2 Results

2.1 Is the ground truth good enough?

To assess the distribution of high quality crystal structures of PLC in the Protein Data Bank (PDB)22, we extracted protein, ligand, and binding pocket (defined as a 6Å radius around the ligand) information from PDB validation reports from 114,973 PLC entries in the PDB solved by X-ray crystallography for which Electron-Density Server (EDS) validation information is made available in the PDB23–25, and which contain at least one protein chain (polymer entity) and at least one non-polymer entity (small molecule ligand or ion). Ligands present in the BioLIP artifact list were excluded26. This list contains 463 frequent crystallization artifacts such as solvents and buffers. It may also filter out a few biologically relevant ligands, however this is rare and we considered the trade-off acceptable for this study.
We analyzed 236,538 small molecule pockets across 75,065 PLC PDB entries and 32,273 unique small-molecule ligands, and 798,651 ion pockets across 84,215 PLC and 138 unique ions. In total, this corresponds to over a million pockets.
The authors of the Iridium dataset defined a highly stringent set of criteria regarding the quality of crystal structures, with emphasis on the suitability for pose prediction, virtual screening and binding affinity estimation18. These include criteria on the protein (resolution ≤ 3.5Å, R < 0.4, Rfree < 0.45, absolute difference between R and Rfree ≤ 0.05) as well as ligand and pocket criteria (full density with RSR ≤ 0.1 and RSCC ≥ 0.9, full atom occupancies and no alternative configurations for ligand atoms and protein atoms within 6Å of ligand.)
We applied the Iridium criteria to the binding pockets within our set of PLC. Only 0.3% (721) of small molecule pockets across 504 PLC and 0.98% (315) of unique small molecule ligands, and 0.66% (5,248) of ion pockets across 3,379 PLC and 35.51% (49) of unique ion ligands passed the criteria. In total, 0.58% of all pockets are acceptable according to the Iridium criteria, across 3.21% (3,686) of PLC and 1.12% (364) of unique ligands..
Thus this criteria is too stringent for both of the applications we explore. For continuous evaluation methods such as CAMEO which runs on a weekly basis, the majority, if not all PLC would be discarded. Similarly, restricting to such a small fraction of the PDB is incompatible with creating a diverse and representative dataset of PLC for comprehensive benchmarking. We suggest alternative “relaxed” criteria with RSCC > 0.8 and >90% protein residues within 6Å of ligand with RSCC > 0.8, with the remaining criteria the same as Iridium.

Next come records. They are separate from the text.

(* Let $A=(a_{ik})$ be a real symmetric $n\times n$ matrix whose induced signed graph $\Gamma=(T,\sigma)$, $T=(V,E)$, has no cycle. Let $\lambda$ be an eigenvalue of $A$ with multiplicity $r$ and let $f:V\to\mathbb R$ be an eigenfunction for $\lambda$. Let $\mathcal F=\{x\in V: f(x)=0\text{ and }f(y)=0\text{ for all }y\sim x\}$, and let $\tilde r$ be the multiplicity of $\lambda$ as an eigenvalue of the matrix $\widetilde A$ obtained from $A$ by deleting all rows and columns with indices in $\mathcal F$. Then $$r\ge\tilde r=e_0-2z+c+|\mathcal F|,$$ where $z=|\{x\in V: f(x)=0\}|$, $e_0=|\{\{x,y\}\in E: f(x)=0\text{ or }f(y)=0\}|$, and $c$ is the number of connected components of $T$.
   Context: The induced signed graph of a real symmetric $n\times n$ matrix $A$ has vertex set $V=\{x_1,\dots,x_n\}$ (identified with indices), edge $\{x_i,x_j\}$ iff $i\ne j$ and $a_{ij}\ne0$, and sign $-a_{ij}/|a_{ij}|$. Eigenfunctions are nonzero eigenvectors viewed as functions on $V$; $y\sim x$ means $\{x,y\}\in E$. *)

From HB Require Import structures.
From mathcomp Require Import all_boot all_order all_algebra.
Set Implicit Arguments. Unset Strict Implicit. Unset Printing Implicit Defensive.
Import Order.TTheory GRing.Theory Num.Theory.
Local Open Scope ring_scope.

(* Underlying (unsigned) graph T of the induced signed graph of A:
   vertices 'I_n, edge {i,j} iff i != j and A i j != 0. *)
Definition mx_adj (R : ringType) (n : nat) (A : 'M[R]_n) : rel 'I_n :=
  fun i j => (i != j) && (A i j != 0).

Definition mx_acyclic (R : ringType) (n : nat) (A : 'M[R]_n) : Prop :=
  forall s : seq 'I_n, uniq s -> (3 <= size s)%N -> ~~ cycle (mx_adj A) s.

Definition eig_mult (R : fieldType) (m : nat) (B : 'M[R]_m) (lam : R) : nat :=
  mup lam (char_poly B).

Definition zero_nbhd_set (R : ringType) (n : nat) (A : 'M[R]_n) (f : 'cV[R]_n)
  : {set 'I_n} :=
  [set x | (f x 0 == 0) && [forall y, mx_adj A x y ==> (f y 0 == 0)]].

Definition del_rowcol (R : ringType) (n : nat) (A : 'M[R]_n) (S : {set 'I_n})
  : 'M[R]_#|~: S| :=
  \matrix_(i, j) A (enum_val i) (enum_val j).

Definition zero_count (R : ringType) (n : nat) (f : 'cV[R]_n) : nat :=
  #|[set x | f x 0 == 0]|.

Definition zero_edge_count (R : ringType) (n : nat) (A : 'M[R]_n) (f : 'cV[R]_n)
  : nat :=
  #|[set p : 'I_n * 'I_n | [&& (p.1 < p.2)%N, mx_adj A p.1 p.2 &
                                (f p.1 0 == 0) || (f p.2 0 == 0)]]|.

Definition comp_count (R : ringType) (n : nat) (A : 'M[R]_n) : nat :=
  n_comp (mx_adj A) predT.

From HB Require Import structures.
From mathcomp Require Import all_boot all_order all_algebra zify ring.
Import Order.TTheory GRing.Theory Num.Theory.
Local Open Scope ring_scope.
Set Implicit Arguments. Unset Strict Implicit. Unset Printing Implicit Defensive.

(* Put B = A - lam and g = f^T, so that g B = 0.  As B is real symmetric, the
   multiplicity of lam in a principal submatrix B[S] is the nullity of B[S].
   Split the vertices into the support N of f, the set Z of zeros of f with a
   neighbour in N, and F.  If N is contained in S and x in S n Z has the
   neighbour y in N, the restriction of g to the component of y in T[S - x] is
   a null vector of B[S - x] whose product with the column of x is
   g_y B_yx <> 0, because y is the only neighbour of x in that component (T has
   no cycle); so deleting x raises the nullity by one (Parter).  Hence
   rt = null B[N u Z] = null B[N] - |Z| and
   r = null B[N u F u Z] = null B[N u F] - |Z| >= null B[N] - |Z|, since F has
   no neighbour in N.  For h in the null space of B[N], the flow
   B_uv (h_u g_v - g_u h_v) is a circulation on a forest, hence zero: h / g is
   constant on the components of T[N], and null B[N] = |N| - |E(N)|.  The
   formula follows from |E| = |E(N)| + e_0 and c = n - |E|. *)

Section CharPoly.
Variable R : fieldType.

Lemma char_poly_conj m (P B : 'M[R]_m) : P \in unitmx ->
  char_poly (P *m B *m invmx P) = char_poly B.
Proof.
move=> uP; set P' := map_mx polyC P; set Q' := map_mx polyC (invmx P).
have PQ : P' *m Q' = 1%:M by rewrite -map_mxM mulmxV // map_mx1.
have QP : Q' *m P' = 1%:M by rewrite -map_mxM mulVmx // map_mx1.
rewrite /char_poly; have -> : char_poly_mx (P *m B *m invmx P) = P' *m char_poly_mx B *m Q'.
  rewrite /char_poly_mx !map_mxM mulmxBr mulmxBl -/P' -/Q'.
  by rewrite scalar_mxC -mulmxA; congr (_ - _); rewrite -mulmxA PQ mulmx1.
by rewrite !det_mulmx mulrC mulrA -det_mulmx QP det1 mul1r.
Qed.

Lemma mup_char_poly_block d e a (C : 'M[R]_e) : ~~ eigenvalue C a ->
  mup a (char_poly (block_mx (a%:M : 'M_d) 0 0 C)) = d.
Proof.
move=> Ca; rewrite /char_poly char_block_diag_mx det_ublock.
rewrite -/(char_poly (a%:M : 'M_d)) -/(char_poly C) char_poly_trig ?scalar_mx_is_trig //.
under eq_bigr => i _ do rewrite mxE eqxx mulr1n.
rewrite prodr_const card_ord mupM ?expf_neq0 ?polyXsubC_eq0 ?monic_neq0 ?char_poly_monic //.
by rewrite mup_XsubCX eqxx mupNroot ?addn0 // -eigenvalue_root_char.
Qed.

End CharPoly.

Section SymmetricMultiplicity.
Variable R : realFieldType.

Lemma capmx_kermx_sym m (N : 'M[R]_m) : N^T = N -> (kermx N :&: N = 0)%MS.
Proof.
move=> NT; apply/eqP; rewrite -submx0; apply/rV_subP => x.
rewrite sub_capmx sub_kermx => /andP[/eqP xN0 /submxP[y xE]].
have xx0 : \sum_i x 0 i ^+ 2 = 0.
  have -> : \sum_i x 0 i ^+ 2 = (x *m x^T) 0 0.
    by rewrite mxE; apply: eq_bigr => i _; rewrite mxE expr2.
  by rewrite {2}xE trmx_mul NT mulmxA xN0 mul0mx mxE.
rewrite submx0; apply/eqP/rowP => i; rewrite mxE; apply/eqP; rewrite -sqrf_eq0.
by apply/eqP/(psumr_eq0P (P := xpredT) _ xx0) => // j _; rewrite sqr_ge0.
Qed.

(* Kernel and image of the symmetric [N := B - a] are complementary, so [N] is
   similar to [block_mx 0 0 0 C] with [C] invertible. *)
Lemma mup_char_poly_sym d e (B : 'M[R]_(d + e)) a : B^T = B ->
  \rank (kermx (B - a%:M)) = d -> mup a (char_poly B) = d.
Proof.
move=> BT rkK; set N := B - a%:M.
have NT : N^T = N by rewrite /N linearB /= BT tr_scalar_mx.
have rkN : \rank N = e by have := mxrank_ker N; have := rank_leq_row N; rewrite rkK; lia.
set K : 'M_(d, d + e) := castmx (rkK, erefl) (row_base (kermx N)).
set W : 'M_(e, d + e) := castmx (rkN, erefl) (row_base N).
have eK : (K :=: kermx N)%MS := eqmx_trans (eqmx_cast _ _) (eq_row_base _).
have eW : (W :=: N)%MS := eqmx_trans (eqmx_cast _ _) (eq_row_base _).
have KN : K *m N = 0 by apply/eqP; rewrite -sub_kermx eK.
set C := W *m N *m pinvmx W.
have CW : C *m W = W *m N by rewrite mulmxKpV // eW submxMl.
set P := col_mx K W.
have uP : P \in unitmx.
  rewrite -row_free_unit /row_free -addsmxE.
  have := mxrank_sum_cap K W; rewrite (cap_eqmx eK eW) capmx_kermx_sym //.
  by rewrite mxrank0 eK eW rkK rkN addn0 => ->.
have PBP : P *m B *m invmx P = block_mx (a%:M : 'M_d) 0 0 (C + a%:M).
  have PN : P *m N = block_mx 0 0 0 C *m P.
    by rewrite mul_col_mx mul_block_col KN CW !mul0mx !add0r.
  rewrite -[B](subrK (a%:M)) -/N mulmxDr PN mul_mx_scalar -mul_scalar_mx.
  by rewrite -mulmxDl mulmxK // (scalar_mx_block d e a) add_block_mx !addr0 add0r.
rewrite -(char_poly_conj B uP) PBP mup_char_poly_block // /eigenvalue negbK.
rewrite -submx0; apply/rV_subP => v; rewrite sub_kermx addrK => /eqP vC.
have : (v *m W <= kermx N :&: N)%MS.
  by rewrite sub_capmx sub_kermx -mulmxA -CW mulmxA vC mul0mx eqxx -eW submxMl.
by rewrite capmx_kermx_sym // submx0 mulmx_free_eq0 ?submx0 // /row_free eW rkN.
Qed.

Lemma eig_mult_sym m (B : 'M[R]_m) a : B^T = B ->
  eig_mult B a = \rank (kermx (B - a%:M)).
Proof.
move=> BT; set d := \rank _; have rkK : \rank (kermx (B - a%:M)) = d by [].
have /subnKC mE : (d <= m)%N by apply: rank_leq_row.
clearbody d; rewrite /eig_mult; move: B BT rkK; rewrite -mE.
by move=> B BT; apply: mup_char_poly_sym.
Qed.

End SymmetricMultiplicity.

Section SelectionMatrix.
Variables (R : fieldType) (n : nat) (S : {set 'I_n}).

Definition selmx : 'M[R]_(#|S|, n) := rowsub enum_val 1%:M.

Lemma mul_selmx m (B : 'M[R]_(n, m)) : selmx *m B = rowsub enum_val B.
Proof. by rewrite mul_rowsub_mx mul1mx. Qed.

Lemma mul_tr_selmx m (v : 'M[R]_(m, n)) : v *m selmx^T = colsub enum_val v.
Proof. by rewrite trmx_mxsub trmx1 mulmx_colsub mulmx1. Qed.

Lemma selmx_mid (B : 'M[R]_n) : selmx *m B *m selmx^T = mxsub enum_val enum_val B.
Proof. by rewrite mul_selmx mul_tr_selmx -mxsubcr. Qed.

Lemma row_free_selmx : row_free selmx.
Proof.
apply/row_freeP; exists selmx^T; rewrite mul_tr_selmx.
apply/matrixP => k l; rewrite !mxE (inj_eq enum_val_inj).
by case: (k == l).
Qed.

Lemma rank_selmx : \rank selmx = #|S|.
Proof. exact/eqP/row_free_selmx. Qed.

Lemma colsub_eq0P (v : 'rV[R]_n) :
  reflect (forall u, u \in S -> v 0 u = 0) (colsub enum_val v == 0 :> 'rV_#|S|).
Proof.
apply: (iffP eqP) => [/rowP v0 u uS|v0].
  by have := v0 (enum_rank_in uS u); rewrite !mxE enum_rankK_in.
by apply/rowP => k; rewrite !mxE v0 ?enum_valP.
Qed.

The threshold of 0.8 for RSCC is in accordance with the widely accepted rule of thumb that 0.8 < RSCC < 0.95 are generally ok, RSCC > 0.95 indicate a very good fit, and RSCC < 0.8 indicate that the experimental data may not accord with the ligand placement27. Having such a set of relaxed criteria could be used as a post-filter step in the CAMEO setting and, in the latter case, the stringent Iridium criteria could be used to create the starting set with more PLC being added based on their novelty and the relaxed criteria.
Figure 1 shows the distribution of validation data values across all binding pockets as well as the selected relaxed thresholds for four criteria: resolution (Figure 1A), absolute difference between R and Rfree (Figure 1B), RSCC (Figure 1C) and percentage of protein residues within 6A of the ligand with RSCC > 0.8 (Figure 1D). The most stringent criterion is by far the absolute difference between R and Rfree , which removes almost 15% of the pockets.
We applied these relaxed criteria to the dataset of binding pockets. We found that 44.96% (106,357) of small molecule pockets across 36,959 PLC and 51.34% (16,568) of unique small molecule ligands passed the relaxed criteria. Similarly, 48.73% (389,217) of ion pockets across 55,594 PLC and 89.86% (124) of unique ion ligands passed. Thus, the criteria retains 47.87% (495,574) of all pockets, spread across 62.38% (71,720) of PLC and 51.50% (16,692) of unique ligands.